Jacky Bourke-White, CEO of Age UK Lewisham and Southwark, told Southwark Council’s health and wellbeing board that while the area was getting richer, older generations were often being left behind.

“We have the sixth most deprived older population in the country and that is often overlooked,” she said.

“As the borough is getting richer we ignore the fact that our older population is being left behind. They are suffering from that in ways that we have never seen before, so we see more and more homeless people and more people in temporary accommodation.”

She said many older people who were struggling are isolated as their families could not afford to live in the borough.

“Sons and daughters have been unable to buy homes in the borough, to stay in the borough, [and] they tend to live two or three hours outside of the borough.

“And that creates its own problems for older people. We have this incredibly vulnerable older population left behind by the pace of change in the borough.”

She said it was “horrifying” the borough could not afford to extend in-home care visits to one hour, or enable older people to leave their houses.

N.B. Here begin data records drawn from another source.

Lemma herm_gradFormula m rho M : Herm m rho -> Herm m M -> Herm m (gradFormula m rho M).
Proof.
  intros Hr HM. unfold gradFormula. apply herm_madd.
  - intros i j Hi Hj. unfold mscale, madd.
    rewrite (herm_mmul_conj m rho M Hr HM i j Hi Hj), (herm_mmul_conj m M rho HM Hr i j Hi Hj).
    cring.
  - apply herm_mscale; auto. unfold Copp; simpl. rewrite herm_tr_mmul_real by auto. ring.
Qed.

Lemma tr_gradFormula m rho M : mtr m rho = (1,0) -> mtr m (gradFormula m rho M) = C0.
Proof.
  intros Ht. unfold gradFormula. rewrite mtr_madd, !mtr_mscale, mtr_madd, Ht.
  rewrite (mtr_comm m M rho). apply Ceq; cunfold; lra.
Qed.

Lemma PDeriv_unique f p E v1 v2 : PDeriv f p E v1 -> PDeriv f p E v2 -> v1 = v2.
Proof. unfold PDeriv. intros; eapply uniqueness_limite; eauto. Qed.

Lemma IsMF_herm m F rho M : IsMF m F rho M -> Herm m M.
Proof.
  intros H i j Hi Hj.
  assert (Hoff : forall a b, (a < b)%nat -> (b < m)%nat -> M b a = Cconj (M a b)).
  { intros a b Hab Hb.
    destruct (H a b ltac:(lia) Hb) as [H1 _]. destruct (H1 Hab) as (dx & dy & Px & Py & E1).
    destruct (H b a Hb ltac:(lia)) as [_ [H2 _]]. destruct (H2 Hab) as (dx' & dy' & Px' & Py' & E2).
    rewrite E1, E2, (PDeriv_unique _ _ _ _ _ Px Px'), (PDeriv_unique _ _ _ _ _ Py Py').
    unfold Cconj; simpl. f_equal; lra. }
  destruct (lt_eq_lt_dec i j) as [[Hij|Hij]|Hij].
  - apply Hoff; auto.
  - subst. destruct (H j j Hi Hi) as [_ [_ H3]]. destruct (H3 eq_refl) as (dz & _ & E).
    rewrite E. unfold Cconj; simpl; f_equal; lra.
  - rewrite (Hoff j i Hij Hi), Cconj_conj. reflexivity.
Qed.

Lemma tangent_gradFormula m F rho M :
  Pdot m rho -> IsMF m F rho M -> Tangent m (gradFormula m rho M).
Proof.
  intros [Hr [_ Ht]] HM. split.
  - apply herm_gradFormula; auto. eapply IsMF_herm; eauto.
  - apply tr_gradFormula; auto.
Qed.

Lemma QF_trace m rho L L' S :
  IsSLD m rho S L -> QFval m rho L L' = fst (mtr m (mmul m S L')).
Proof.
  intros H. unfold QFval.
  rewrite mtr_mmul_madd_r, <- !mtr_assoc.
  rewrite (mtr_comm m (mmul m rho L') L), <- mtr_assoc, <- mtr_mmul_madd_l.
  rewrite (mtr_ext m (mmul m S L') (mmul m (mscale (1/2,0) (madd (mmul m rho L) (mmul m L rho))) L')).
  - rewrite mtr_mmul_mscale_l. reflexivity.
  - apply mmul_ext; [apply meq_sym; exact H | apply meq_refl].
Qed.

Lemma QF_sym m rho L L' : QFval m rho L L' = QFval m rho L' L.
Proof.
  unfold QFval. do 2 f_equal. unfold mtr. apply Csum_ext; intros.
  unfold mmul at 1 2. apply Csum_ext; intros. f_equal. apply Cadd_comm.
Qed.

Lemma tr_rho_SLD m rho X L : IsSLD m rho X L -> mtr m (mmul m rho L) = mtr m X.
Proof.
  intros H. rewrite (mtr_ext m X _ (meq_sym _ _ _ H)), mtr_mscale, mtr_madd.
  rewrite (mtr_comm m L rho). apply Ceq; unfold Cadd, Cmul; simpl; lra.
Qed.

Lemma gradFormula_pairing m rho M X L L' :
  mtr m X = C0 -> IsSLD m rho (gradFormula m rho M) L -> IsSLD m rho X L' ->
  QFval m rho L L' = fst (mtr m (mmul m M X)).
Proof.
  intros HX HG HXL.
  rewrite (QF_trace _ _ _ _ _ HG). unfold gradFormula.
  rewrite mtr_mmul_madd_l, (mtr_mmul_mscale_l m (Copp _) rho L'), (tr_rho_SLD _ _ _ _ HXL), HX.
  set (T := mtr m (mmul m (mscale (1/2,0) (madd (mmul m rho M) (mmul m M rho))) L')).
  assert (E : QFval m rho M L' = fst T) by (apply QF_trace; apply meq_refl).
  rewrite QF_sym, (QF_trace _ _ _ _ _ HXL), mtr_comm in E.
  unfold Cadd, Cmul, C0; simpl. rewrite <- E. ring.
Qed.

“It would be really good if of those older people getting three visits a day, which means, they have quite a high level of need, there is not a lot they can do for themselves – at the point that you are getting three visits a day you cannot get yourself out of bed, you cannot wash yourself, you cannot dress yourself, you cannot feed yourself – I am saying wouldn’t it be good if one of those visits was for an hour? If one of those visits was unhurried?” she explained.

“Every older person should be able to go out a minimum of once a week. They should be supported to get out of the house and do something.

“It’s terrible these days we live in a society that older people, once you are that frail, your life is so circumscribed and that we as a society cant afford this as a bare minimum,” she said.